Collected data:

..............................

(* Let $\mathbf L$ be a locally compact non-discrete non-Archimedean field. Each uniform polyhedron $P$ over $\mathbf L$ is an ANRU.
   Context: A simplex over $\mathbf L$ is a closed ball $x+\pi^kB(c_0(\mathbf L,A'),0,1)$ ($\pi\in\mathbf L$ of maximal absolute value $<1$, $k\in\mathbb Z$) in a coordinate subspace $c_0(\mathbf L,A')$ of the Banach space $c_0(\mathbf L,A)$ (families in $\mathbf L$ tending to zero, sup norm). A polyhedron is a subset of $c_0(\mathbf L,A)$ which is a disjoint union of simplexes $s_i$, $i\in F$; it is uniform if $\sup_i\mathrm{diam}(s_i)<\infty$ and $\inf_{i\ne j}\mathrm{dist}(s_i,s_j)>0$. An ANRU is an ultrauniform space $X$ (uniformity generated by pseudoultrametrics) such that whenever $X$ is (uniformly) embedded into an ultrauniform space $Y$, there exist a uniform neighbourhood $V$ with $X\subset V\subset Y$ and a uniformly continuous retraction $r:V\to X$. *)

From HB Require Import structures.
From mathcomp Require Import all_boot all_order all_algebra.
From Stdlib Require Lists.List.
From mathcomp Require Import boolp classical_sets cardinality reals.
Set Implicit Arguments. Unset Strict Implicit. Unset Printing Implicit Defensive.
Import Order.TTheory GRing.Theory Num.Theory.
Local Open Scope ring_scope.
Local Open Scope classical_set_scope.

Section Field.
Variables (R : realType) (K : fieldType) (abs : K -> R).

Definition nonarch_abs : Prop :=
  [/\ (forall x, 0 <= abs x),
      (forall x, abs x = 0 <-> x = 0),
      (forall x y, abs (x * y) = abs x * abs y) &
      (forall x y, abs (x + y) <= Num.max (abs x) (abs y))].

Definition open_in (U : set K) : Prop :=
  forall x, U x -> exists2 r : R, 0 < r & forall y, abs (y - x) < r -> U y.

Definition compact_in (S : set K) : Prop :=
  forall (I : Type) (U : I -> set K), (forall i, open_in (U i)) ->
    (forall x, S x -> exists i, U i x) ->
    exists s : seq I, forall x, S x -> exists i, Stdlib.Lists.List.In i s /\ U i x.

Definition locally_compact_field : Prop :=
  forall x : K, exists2 r : R, 0 < r & compact_in [set y | abs (y - x) <= r].

Definition nondiscrete_field : Prop :=
  forall (x : K) (r : R), 0 < r -> exists y, y <> x /\ abs (y - x) < r.

Definition max_abs_lt1 (pi : K) : Prop :=
  abs pi < 1 /\ forall x, abs x < 1 -> abs x <= abs pi.

Variable A : Type.

Definition c0 (f : A -> K) : Prop :=
  forall eps : R, 0 < eps -> finite_set [set a | eps <= abs (f a)].

Definition c0dist (f g : A -> K) : R :=
  sup ([set 0] `|` range (fun a => abs (f a - g a))).

(* coordinate subspace c_0(L, A') (A' a subset of A) *)
Definition coord_sub (A' : set A) (f : A -> K) : Prop :=
  forall a, ~ A' a -> f a = 0.

(* simplex x + pi^k B(c_0(L,A'),0,1) *)
Definition simplex (pi : K) (S : set (A -> K)) : Prop :=
  exists (A' : set A) (x : A -> K) (k : int),
    c0 x /\
    S = [set g | exists y, [/\ c0 y, coord_sub A' y,
                              c0dist y (fun _ => 0) <= 1 &
                              g = (fun a => x a + pi ^ k * y a)]].

Definition polyhedron_family (pi : K) (P : set (A -> K)) (F : Type)
    (s : F -> set (A -> K)) : Prop :=
  [/\ (forall i, simplex pi (s i)),
      (forall i j, i <> j -> s i `&` s j = set0) &
      P = [set f | exists i, s i f]].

..............................

Your goal
Across the data, how many lines contain the string "Lists"? Only the number is wanted.

Output below
2